Die klagende Gemeinde nahm den früheren Beklagten zu 1 als Bauleiter und die Beklagte zu 2 (künftig: die Beklagte) als Erbin ihres als Bodengutachter tätig gewesenen verstorbenen Ehemannes auf Schadensersatz in Anspruch. Die Beklagte verteidigte sich unter anderem damit, sie sei nicht Erbin ihres Ehemannes geworden. Das Landgericht ließ die Passivlegitimation der Beklagten offen und wies die gegen sie gerichteten Schadensersatzansprüche wegen Verjährung ab. In dem nur gegen die Beklagte durchgeführten Berufungsverfahren zog das Oberlandesgericht "vorsorglich zu Informationszwecken" die
Nachlaßakten bei. Im Verhandlungstermin wies das Berufungsgericht die Parteien darauf hin, daß unabhängig von der Frage, ob die Beklagte Erbin ihres Ehemannes geworden sei, grundsätzlich eine Eintrittspflicht der hinter dem Ehemann stehenden Versicherung in Betracht komme.
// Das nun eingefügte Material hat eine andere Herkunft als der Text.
(* Let $m\ge 1$ and let $A$ be a $2m\times 2$ binary-block matrix. Then $$\operatorname{M}(AD_m(\operatorname{wt}_A)) = 2^{t}\,\operatorname{M}(AD_{m-1}(\operatorname{wt}_{\operatorname{sh}(A)})),$$ where $t$ is the number of blocks of $A$ equal to $\begin{bmatrix}1&1\\1&1\end{bmatrix}$ (i.e. the number of $0$ terms in $\operatorname{code}(A)$).
   Context: The Aztec diamond graph $AD_n$ is the planar dual graph of the Aztec diamond region of order $n$ (the union of unit squares inside $|x|+|y|=n+1$), rotated by $45^\circ$; it consists of $n$ rows and $n$ columns of 4-cycles called d-cells. The centers of the edges of $AD_n$ form a $2n\times 2n$ array, where the four edges of the d-cell in row $i$, column $j$ occupy rows $2i-1,2i$ and columns $2j-1,2j$ of the array (placed according to their position around the d-cell). A weighted $AD_n$ is given by a $2n\times 2n$ weight matrix whose entries are the edge weights. $\operatorname{M}(G)$ for a weighted graph is the sum over perfect matchings of the product of the weights of their edges; $\operatorname{M}(AD_0)=1$. For a $k\times l$ matrix $A$ with $k,l$ even, $AD_n(\operatorname{wt}_A)$ denotes $AD_n$ whose weight matrix is obtained by placing $A$ in the upper-left corner of the $2n\times 2n$ array and filling the rest periodically (translating $A$ by $l$ columns to the right and $k$ rows down; partial copies allowed at the edges). A $2m\times 2$ matrix $M$ with $2\times 2$ blocks $M_1,\dots,M_m$ (stacked vertically) is a binary-block matrix if each $M_i$ is one of $\begin{bmatrix}1&1\\1&1\end{bmatrix}$, $\begin{bmatrix}1&1\\1&0\end{bmatrix}$, $\begin{bmatrix}0&1\\1&1\end{bmatrix}$, $\begin{bmatrix}0&1\\1&0\end{bmatrix}$; its encoded sequence $\operatorname{code}(M)=(s_1,\dots,s_m)$ has $s_i=0,+,-,\pm$ respectively. The operator $\operatorname{sh}$: $\operatorname{sh}(M)$ is the binary-block matrix whose encoded sequence is obtained from $\operatorname{code}(M)$ as follows (a $\pm$ is regarded as a $+$ and a $-$ at the same position): delete all $0$ terms, leaving those positions empty; simultaneously move every $+$ one position to the left cyclically (a $+$ at position $1$ goes to position $m$), leaving its old position empty if nothing else is there; positions $-$ stay fixed; a position holding both a $+$ and a $-$ becomes $\pm$; finally fill all empty positions with $0$. *)

From HB Require Import structures.
From mathcomp Require Import all_boot all_order all_algebra.
Set Implicit Arguments. Unset Strict Implicit. Unset Printing Implicit Defensive.
(* Let $G$ be a factor graph with known factors $\boldsymbol F=\{f_1,\dots,f_m\}$ and unknown factors $\boldsymbol F'=\{f'_1,\dots,f'_z\}$, and suppose that for every unknown factor $f_i\in\boldsymbol F'$ there is at least one known factor $f_j\in\boldsymbol F$ that is possibly identical to $f_i$ (i.e. $f_i\approx f_j$). Then the LIFG algorithm is able to replace all unknown potentials in $G$ by known potentials, i.e. (for a suitable choice of the threshold $\theta\in[0,1]$) every unknown factor is assigned the colour and the potential mappings of at least one known factor.
   Context: A factor graph (FG) $G=(\boldsymbol V,\boldsymbol E)$ is an undirected bipartite graph with node set $\boldsymbol V=\boldsymbol R\cup\boldsymbol F$, where $\boldsymbol R$ is a set of random variables (each $R$ with a finite range $\mathrm{range}(R)$) and $\boldsymbol F$ a set of factors; each factor $f_j$ defines a function $\phi_j(\mathcal R_j)$ mapping assignments of a sequence $\mathcal R_j$ of random variables to positive reals (potentials), and $R$ is adjacent to $f_j$ iff $R$ occurs in $\mathcal R_j$. A factor is \emph{unknown} if its argument list is known but its potential values are unknown; otherwise it is known. Evidence is a set of observed events $R=r$. $\mathrm{Ne}_G(v)$ denotes the set of neighbours of node $v$. The 2-step neighbourhood of a factor $f$ is $\mathrm{Ne}^2_G(f)=\{R\mid R\in\mathrm{Ne}_G(f)\}\cup\{f'\mid\exists R: R\in\mathrm{Ne}_G(f)\wedge f'\in\mathrm{Ne}_G(R)\}$, and $G[V']$ is the induced subgraph. For factors $f_i,f_j$, $G[\mathrm{Ne}^2_G(f_i)]$ and $G[\mathrm{Ne}^2_G(f_j)]$ are \emph{indistinguishable} if $|\mathrm{Ne}_G(f_i)|=|\mathrm{Ne}_G(f_j)|$ and there is a bijection $\tau:\mathrm{Ne}_G(f_i)\to\mathrm{Ne}_G(f_j)$ such that for each $R_k$, $R_k$ and $\tau(R_k)$ have identical observed evidence, identical ranges, and $|\mathrm{Ne}_G(R_k)|=|\mathrm{Ne}_G(\tau(R_k))|$. Factors $f_i,f_j$ are \emph{possibly identical}, $f_i\approx f_j$, if their induced 2-step neighbourhoods are indistinguishable and at least one of them is unknown or both encode identical potential mappings. LIFG algorithm (input: FG $G$ with known factors $\boldsymbol F$, unknown factors $\boldsymbol F'$, evidence, threshold $\theta\in[0,1]$): (1) colour each known factor by its potentials; (2) give each unknown factor a unique colour; (3) for each unknown $f_i$, set $C_{f_i}=\emptyset$ and for every factor $f_j\ne f_i$ with $f_i\approx f_j$: if $f_j$ is unknown, give $f_j$ the colour of $f_i$, otherwise add $f_j$ to $C_{f_i}$; (4) for each $C_{f_i}$, let $C^{\ell}_{f_i}$ be a maximal subset of $C_{f_i}$ whose elements are pairwise possibly identical; if $|C^{\ell}_{f_i}|/|C_{f_i}|\ge\theta$, give all $f_j\in C^{\ell}_{f_i}$ the colour of $f_i$ and assign to $f_i$ the potentials of the factors in $C^{\ell}_{f_i}$; (5) run the Advanced Colour Passing (colour-passing lifting) algorithm on the resulting graph and evidence to obtain the lifted representation. *)

From HB Require Import structures.
From mathcomp Require Import all_boot all_order all_algebra.
From mathcomp Require Import boolp reals.
Set Implicit Arguments. Unset Strict Implicit. Unset Printing Implicit Defensive.
Import Order.TTheory GRing.Theory Num.Theory.
Local Open Scope ring_scope.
Auf dieser Grundlage schlossen die Parteien und der zu diesem Zweck dem Rechtsstreit auf seiten der Beklagten beigetretene B. G. -V. auf Vorschlag des Gerichts einen Vergleich. Danach verpflichtete sich der Streithelfer zur Zahlung von 65.000 € an die Klägerin bei einer Kostenverteilung von 75 % zu 25 % zu deren Lasten.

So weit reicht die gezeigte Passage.